Whatever increase has occurred in the CPIW in that period of time, that's what gets passed on automatically to Social Security beneficiaries and the payments that they receive beginning in January of the following year.

You can go back take a look at inflation over time in the late '70s, early '80s, Social Security one year gave a 14 percent COLA, the next year it was like a 9 percent COLA. Fortunately, since the mid-80s or so, inflation has been reasonably well in check and you've seen some fluctuations.

I think a 2 percent COLA is a safe number to use like Goldilocks who had three bears probably not too high probably not too low that's a safe number.

Again, in the end, it comes down to that CPIW. A lot of discussion these days about whether or not that's the appropriate measure for Social Security to use in determining the amount of a COLA, that's a whole separate issue for discussion.

As the great philosopher Bill Belichick says, "It is what it is," and until Congress changes that's what they look at. If you look historically, 2 percent it's not a bad number to use.

Q: What is the best way to find out how many credits one has? I'm assuming the Social Security Statement?

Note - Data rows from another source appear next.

(* Let $p>2$ be a prime and $m\geq3$ an integer with $\gcd(p,m)=1$. Let $u$ be the multiplicative order of $p$ modulo $2m$. Let $\zeta_4$ and $\zeta_{2m}$ be a primitive $4$-th and a primitive $2m$-th root of unity, respectively, in an algebraic closure of $\mathbb{Z}_p$, let $s$ be an integer with $\gcd(s,m)=1$, and let $\delta$ be the degree of the minimal polynomial of $\zeta_4(\zeta_{2m}^s+\zeta_{2m}^{-s})$ over $\mathbb{Z}_p$. Then: - $\delta=u/2$ if ($p\equiv1\pmod4$, $u$ even, and $p^{u/2}\equiv-1\pmod{2m}$), or ($p\equiv3\pmod4$, $u\equiv0\pmod4$, and $p^{u/2}\equiv-1\pmod{2m}$), or ($p\equiv3\pmod4$, $u\equiv2\pmod4$, and $p^{u/2}\equiv m\pm1\pmod{2m}$); - $\delta=u$ if ($p\equiv1\pmod4$, $u$ even, and $p^{u/2}\not\equiv-1\pmod{2m}$), or ($p\equiv1\pmod4$ and $u$ odd), or ($p\equiv3\pmod4$, $u\equiv0\pmod4$, and $p^{u/2}\not\equiv-1\pmod{2m}$), or ($p\equiv3\pmod4$, $u\equiv2\pmod4$, and $p^{u/2}\not\equiv m\pm1\pmod{2m}$); - $\delta=2u$ if $p\equiv3\pmod4$ and $u$ is odd.
   Context: $\mathbb{Z}_p$ denotes the field with $p$ elements. (For orientation: the elements $\zeta_4(\zeta_{2m}^s+\zeta_{2m}^{-s})$ with $1\le s\le m$, $\gcd(s,m)=1$, are the roots of the reduction modulo $p$ of the fibotomic polynomial $\Psi_m(x)=\prod_{1\le s\le m,\ \gcd(s,m)=1}(x-2i\cos(\pi s/m))$.) *)

From HB Require Import structures.
From mathcomp Require Import all_boot all_order all_algebra all_field.
Set Implicit Arguments. Unset Strict Implicit. Unset Printing Implicit Defensive.
Import GRing.Theory.
Local Open Scope ring_scope.

Definition is_mult_order (u a n : nat) : Prop :=
  [/\ (0 < u)%N, (a ^ u = 1 %[mod n])%N &
      forall k : nat, (0 < k)%N -> (a ^ k = 1 %[mod n])%N -> (u <= k)%N].

(* degree of the minimal polynomial of x over the base field F
   (the prime subfield 1 of the extension L) *)
Definition minpoly_degree (F : fieldType) (L : fieldExtType F) (x : L) : nat :=
  adjoin_degree 1%AS x.

From HB Require Import structures.
From mathcomp Require Import all_boot all_order all_algebra all_field.
From mathcomp Require Import ring zify.
Import GRing.Theory.
Local Open Scope ring_scope.

(* 1. The degree of any x in L over F_p is the least d > 0 with              *)
(*    x ^ (p ^ d) = x: Fermat's little theorem in F_p(x) gives one inequality *)
(*    and counting roots of X^(p^d) - X in F_p(x) gives the other.           *)
(* 2. Up to replacing z4 by -z4, x = z4 (w + w^-1) with w a primitive 2m-th  *)
(*    root of unity; for q an odd power of p, x ^ q = x holds iff            *)
(*    q = 1 (mod 4) and q = +-1 (mod 2m), or q = 3 (mod 4) and q = m +- 1    *)
(*    (mod 2m) (predicate stab_mod).                                          *)
(* 3. Every d > 0 with stab_mod (p ^ d) m has u | 2d, u the order of p mod   *)
(*    2m, so the least such d is u/2, u or 2u; which one is decided by       *)
(*    p mod 4, u mod 4 and p ^ (u/2) mod 2m, giving the three cases.         *)

Definition least_pos (P : nat -> Prop) (T : nat) : Prop :=
  [/\ (0 < T)%N, P T & forall d, (0 < d)%N -> P d -> (T <= d)%N].

Lemma least_pos_unique (P Q : nat -> Prop) (T T' : nat) :
  (forall d, P d <-> Q d) -> least_pos P T -> least_pos Q T' -> T = T'.
Proof.
move=> PQ [T_gt0 PT minT] [T'_gt0 QT' minT'].
by apply/eqP; rewrite eqn_leq minT ?minT' //; apply/PQ.
Qed.

Lemma dvdn_lt_double {u n : nat} :
  (0 < n)%N -> (n < 2 * u)%N -> (u %| n)%N -> n = u.
Proof.
move=> n_gt0 n_lt /dvdnP [k def_n]; rewrite def_n in n_gt0 n_lt *.
have u_gt0 : (0 < u)%N by case: u {def_n n_lt} n_gt0 => //; rewrite muln0.
have : (k < 2)%N by rewrite -(ltn_pmul2r u_gt0).
by case: k n_gt0 {def_n n_lt} => [|[|]] //=; rewrite mul1n.
Qed.

Section LeastCandidates.
Variables (P : nat -> Prop) (u : nat).
Hypotheses (u_gt0 : (0 < u)%N)
  (P_dvd : forall {d}, (0 < d)%N -> P d -> (u %| 2 * d)%N).

Lemma least_half : ~~ odd u -> P (u %/ 2) -> least_pos P (u %/ 2).
Proof.
move=> u_even Pu; split=> [|//|d d_gt0 Pd]; first lia.
have : (u <= 2 * d)%N by apply: dvdn_leq (P_dvd d_gt0 Pd); lia.
lia.
Qed.

Lemma least_full : P u -> (forall d, (2 * d)%N = u -> ~ P d) -> least_pos P u.
Proof.
move=> Pu notP_half; split=> // d d_gt0 Pd; rewrite leqNgt; apply/negP=> d_lt.
by apply: (notP_half d) => //; apply: dvdn_lt_double (P_dvd d_gt0 Pd); lia.
Qed.

Lemma least_double : odd u -> P (2 * u)%N -> ~ P u -> least_pos P (2 * u).
Proof.
move=> u_odd P2u notPu; split=> //; first lia.
move=> d d_gt0 Pd; rewrite leqNgt; apply/negP=> d_lt.
have u_dvd_d : (u %| d)%N by rewrite -(@Gauss_dvdr u 2) ?coprimen2 ?P_dvd.
by apply: notPu; rewrite -(dvdn_lt_double d_gt0 d_lt u_dvd_d).
Qed.

End LeastCandidates.

Lemma expn_mod_order {a n u : nat} (k : nat) :
  (1 < n)%N -> is_mult_order u a n ->
  (a ^ k %% n = 1 <-> u %| k)%N.
Proof.
move=> n_gt1 [u_gt0 a_u u_min].
have a_ku j : (a ^ (j * u) %% n = 1)%N.
  by rewrite mulnC expnM -modnXm a_u (modn_small n_gt1) exp1n modn_small.
have -> : (a ^ k %% n = a ^ (k %% u) %% n)%N.
  by rewrite {1}(divn_eq k u) expnD -modnMml a_ku mul1n.
split=> [a_r | /eqP ->]; last by rewrite expn0 modn_small.
rewrite /dvdn; apply: contraTT (ltn_pmod k u_gt0); rewrite -leqNgt => r_gt0.
by apply: u_min; rewrite ?lt0n // a_r modn_small.
Qed.

Lemma expn_mod4 (a d : nat) : odd a ->
  (a ^ d %% 4 = if (a %% 4 == 3) && odd d then 3 else 1)%N.
Proof.
move=> a_odd; rewrite -modnXm.
have [->|->] : (a %% 4 = 1 \/ a %% 4 = 3)%N by lia.
  by rewrite exp1n.
elim: d => [|d IHd] //=.
by rewrite expnS -modnMmr IHd; case: odd.
Qed.

(* The residues q for which the q-th power map fixes z4 (w + w^-1), see     *)
(* zeta_sum_pow_fixed below.                                               *)
Definition stab_mod (q m : nat) : Prop :=
  ((q %% 4 = 1 /\ (q %% (2 * m) = 1 \/ q %% (2 * m) = 2 * m - 1)) \/
   (q %% 4 = 3 /\ (q %% (2 * m) = m + 1 \/ q %% (2 * m) = m - 1)))%N.

(* Every such residue squares to 1 modulo 2m (for m + 1 and m - 1, which  *)
(* are odd, m is even).                                                    *)
Lemma stab_mod_sq {q m : nat} : odd q -> (3 <= m)%N -> stab_mod q m ->
  (q ^ 2 %% (2 * m) = 1)%N.
Proof.
move=> q_odd m_ge3 q_stab; rewrite -modnXm.
have r_odd : odd (q %% (2 * m)) by rewrite odd_mod // oddM.
suff [c ->] : exists c, ((q %% (2 * m)) ^ 2 = c * (2 * m) + 1)%N.
  by rewrite modnMDl modn_small //; lia.
rewrite /stab_mod in q_stab.
move: (q %% (2 * m))%N r_odd q_stab => r r_odd [[_ [->|->]] | [_ r_m]].
- by exists 0%N.
- by exists (2 * m - 2)%N; nia.
- have [k m_2k] : exists k, m = (2 * k)%N by exists m./2; lia.
  by case: r_m => ->; [exists (k + 1)%N | exists (k - 1)%N]; nia.
Qed.

Section StabilizerExponents.
Variables (p m u : nat).
Hypotheses (p_odd : odd p) (m_ge3 : (3 <= m)%N)
  (p_ord : is_mult_order u p (2 * m)).

Let stab (d : nat) : Prop := stab_mod (p ^ d) m.
Let h : nat := (p ^ (u %/ 2) %% (2 * m))%N.

Let n_gt1 : (1 < 2 * m)%N. Proof. lia. Qed.
Let u_gt0 : (0 < u)%N. Proof. by case: p_ord. Qed.
Let p_pow4 (d : nat) : ((p ^ d %% 4 = 3 /\ p %% 4 = 3 /\ odd d) \/
  (p ^ d %% 4 = 1 /\ ~~ ((p %% 4 == 3) && odd d)))%N.
Proof. by rewrite expn_mod4 //; case: ifP; lia. Qed.

(* p ^ (2d) = 1 (mod 2m) by stab_mod_sq, hence u | 2d. *)
Lemma stab_dvd d : (0 < d)%N -> stab d -> (u %| 2 * d)%N.
Proof.
have pd_odd : odd (p ^ d) by rewrite oddX p_odd orbT.
move=> _ /(stab_mod_sq pd_odd m_ge3); rewrite -expnM mulnC.
by move/(expn_mod_order _ n_gt1 p_ord).
Qed.

(* At multiples of u, p ^ d = 1 (mod 2m): only the residue mod 4 matters. *)
Lemma stab_mult {d} : (u %| d)%N -> (stab d <-> p ^ d %% 4 = 1)%N.
Proof.
move/(expn_mod_order d n_gt1 p_ord) => p_d; rewrite /stab /stab_mod p_d; lia.
Qed.

(* At d = u/2, p ^ d is not 1 (mod 2m), so p ^ d mod 2m must be h. *)
Lemma stab_half {d} : (2 * d = u)%N ->
  (stab d <-> (p ^ d %% 4 = 1 /\ h = 2 * m - 1) \/
              (p ^ d %% 4 = 3 /\ (h = m + 1 \/ h = m - 1)))%N.
Proof.
move=> u_2d; have d_u : (u %/ 2 = d)%N by lia.
have : (p ^ d %% (2 * m) <> 1)%N.
  by move/(expn_mod_order d n_gt1 p_ord)/dvdn_leq; lia.
rewrite /stab /stab_mod /h d_u; lia.
Qed.

Lemma least_stab_half :
  [\/ [&& p %% 4 == 1, ~~ odd u & h == 2 * m - 1]%N,
      [&& p %% 4 == 3, u %% 4 == 0 & h == 2 * m - 1]%N
    | [&& p %% 4 == 3, u %% 4 == 2 & (h == m + 1) || (h == m - 1)]%N] ->
  least_pos stab (u %/ 2).
Proof.
move=> cases; have u_even : ~~ odd u by case: cases => /and3P[]; lia.
have u_half : (2 * (u %/ 2) = u)%N by lia.
apply: least_half stab_dvd u_even _ => //; apply/(stab_half u_half).
have := p_pow4 (u %/ 2); case: cases => /and3P[]; lia.
Qed.

Lemma least_stab_full :
  [\/ [&& p %% 4 == 1, ~~ odd u & h != 2 * m - 1]%N,
      (p %% 4 == 1)%N && odd u,
      [&& p %% 4 == 3, u %% 4 == 0 & h != 2 * m - 1]%N
    | [&& p %% 4 == 3, u %% 4 == 2 & (h != m + 1) && (h != m - 1)]%N] ->
  least_pos stab u.
Proof.
move=> cases; apply: least_full stab_dvd _ _ => //.
  apply/stab_mult => //; have := p_pow4 u.
  by case: cases => [/and3P[]|/andP[]|/and3P[]|/and3P[]]; lia.
move=> d u_2d /(stab_half u_2d); have := p_pow4 d.
by case: cases => [/and3P[]|/andP[]|/and3P[]|/and3P[]]; lia.
Qed.

Lemma least_stab_double : (p %% 4 == 3)%N && odd u -> least_pos stab (2 * u).
Proof.
case/andP=> p3 u_odd; apply: least_double stab_dvd _ _ _ => //.
  by apply/stab_mult; [apply: dvdn_mull | have := p_pow4 (2 * u); lia].
by move/(stab_mult (dvdnn u)); have := p_pow4 u; lia.
Qed.

End StabilizerExponents.

Lemma addr_inv_eq (F : fieldType) (a b : F) : a != 0 -> b != 0 ->
  (a + a^-1 == b + b^-1) = (a == b) || (a == b^-1).
Proof.
move=> a_neq0 b_neq0.
have factor : a + a^-1 - (b + b^-1) = (a - b) * (1 - (a * b)^-1).
  by field; rewrite b_neq0 a_neq0.
rewrite -subr_eq0 factor mulf_eq0 !subr_eq0 [1 == _]eq_sym invr_eq1.
congr (_ || _); apply/eqP/eqP => [ab1 | ->]; last by rewrite mulVf.
by rewrite -(mulfK b_neq0 a) ab1 mul1r.
Qed.

Lemma prim_root_half {R : idomainType} {n : nat} {w : R} : (0 < n)%N ->
  (2 * n).-primitive_root w -> w ^+ n = -1.
Proof.
move=> n_gt0 w_prim; have : (w ^+ n) ^+ 2 == 1.
  by rewrite -exprM mulnC prim_expr_order.
rewrite sqrf_eq1 => /orP [/eqP w_n1|/eqP //]; exfalso.
have := eq_prim_root_expr w_prim n 0; rewrite w_n1 expr0 eqxx mod0n.
by rewrite modn_small ?eqn0Ngt ?n_gt0 //; lia.
Qed.

Lemma prim_root_neq0 {R : idomainType} {n : nat} {w : R} : (0 < n)%N ->
  n.-primitive_root w -> w != 0.
Proof.
move=> n_gt0 w_prim; apply/eqP => w0; have := prim_expr_order w_prim.
by rewrite w0 expr0n eqn0Ngt n_gt0 /= => /eqP; rewrite eq_sym oner_eq0.
Qed.

Lemma prim_root4_cube {R : idomainType} {z4 : R} :
  4.-primitive_root z4 -> z4 ^+ 3 = - z4.
Proof.
by move=> z4_prim; rewrite exprS (@prim_root_half _ 2 _ isT z4_prim) mulrN1.
Qed.

Lemma prim_root4_opp {R : idomainType} {z4 : R} :
  4.-primitive_root z4 -> 4.-primitive_root (- z4).
Proof.
move=> z4_prim; rewrite -(prim_root4_cube z4_prim).
by rewrite (prim_root_exp_coprime _ z4_prim).
Qed.

(* The key computation: for q an odd power of the characteristic,        *)
(* (z4 (w + w^-1)) ^ q = z4 ^ (q mod 4) (w ^ q + w ^ -q), which equals     *)
(* z4 (w + w^-1) iff w ^ q is w or w^-1 (q = 1 mod 4), resp. -w or -w^-1   *)
(* (q = 3 mod 4); since -1 = w ^ m this is exactly stab_mod q m.           *)
Lemma zeta_sum_pow_fixed (L : fieldType) (m q : nat) (z4 w : L) :
  [pchar L].-nat q -> odd q -> (3 <= m)%N ->
  4.-primitive_root z4 -> (2 * m).-primitive_root w ->
  (z4 * (w + w^-1)) ^+ q = z4 * (w + w^-1) <-> stab_mod q m.
Proof.
move=> q_pchar q_odd m_ge3 z4_prim w_prim; set N := (2 * m)%N.
have w_neq0 : w != 0 by apply: prim_root_neq0 w_prim; lia.
have z4_neq0 : z4 != 0 by apply: prim_root_neq0 z4_prim.
have wq_neq0 : w ^+ q != 0 by rewrite expf_neq0.
have w_m : w ^+ m = -1 by apply: prim_root_half w_prim; lia.
have w_inv : w^-1 = w ^+ (N - 1).
  apply: (mulfI w_neq0); rewrite divff // -exprS -(prim_expr_order w_prim).
  by congr (_ ^+ _); lia.
have w_pow j : (w ^+ q == w ^+ j) = (q %% N == j %% N)%N.
  exact: eq_prim_root_expr w_prim q j.
have -> : (z4 * (w + w^-1)) ^+ q = z4 ^+ (q %% 4) * (w ^+ q + (w ^+ q)^-1).
  by rewrite exprMn (prim_expr_mod z4_prim) exprDn_pchar // exprVn.
rewrite [X in X <-> _](rwP eqP) /stab_mod.
have [q4|q4] : (q %% 4 = 1 \/ q %% 4 = 3)%N by lia.
- rewrite q4 expr1 (inj_eq (mulfI z4_neq0)) addr_inv_eq // w_inv.
  rewrite -[X in (_ == X) || _](expr1 w) !w_pow.
  by rewrite (@modn_small 1) ?(@modn_small (N - 1)) /N; lia.
- rewrite q4 (prim_root4_cube z4_prim) mulNr eqr_oppLR -mulrN.
  rewrite (inj_eq (mulfI z4_neq0)) opprD -invrN.
  rewrite addr_inv_eq ?oppr_eq0 // invrN w_inv.
  have -> : - w = w ^+ (m + 1) by rewrite exprD w_m expr1 mulN1r.
  have -> : - w ^+ (N - 1) = w ^+ ((m - 1) + N).
    have -> : (m - 1 + N = m + (N - 1))%N by rewrite /N; lia.
    by rewrite exprD w_m mulN1r.
  by rewrite !w_pow modnDr (@modn_small (m + 1)) ?(@modn_small (m - 1)) /N; lia.
Qed.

Kurt : Great question. A little bit of history lesson. If you remember starting back in 1999, Social Security began to mail out a paper document each year the Social Security Statement. Statements started going out that year to anyone who's 25 years of age or older, who would ever paid into the Social Security program and who is not yet collecting benefits. That automatic mailing will show up in somebody's mailbox about three months before their birthday each year giving important retirement planning information. From working with clients and maybe you personally, you're aware of Social Security no longer mails paper statements to everyone over 25 on an annual basis. Instead, first and foremost, they put in place this system whereby if you go to socialsecurity.gov/my account and set up your individual Social Security account, a byproduct of having that account in place is you'll be able to download an individual Social Security statement for yourself at whatever point you would like. In terms of helping your clients' better plan for retirement, you should be encouraging them to set up their own Social Security account. When they're going to come in meet with you do some retirement planning have them download and have in hand a current Social Security statement, because that's going to make that exercise more worthwhile. That's a long-winded introduction to saying on the top of page two of the Social Security statements it indicates how many credits somebody has and will say something like, "In order to receive retirement benefits, you need to have 40 Social Security credits. According to our records, you have 32, 28, 27." That's the best place. If somebody has over 40, Social Security statement says, "To receive retirement benefits you need 40 credits. According to our records you have at least 40." That's what I would recommend. That's the simplest and easiest way Social Security statement contains that information.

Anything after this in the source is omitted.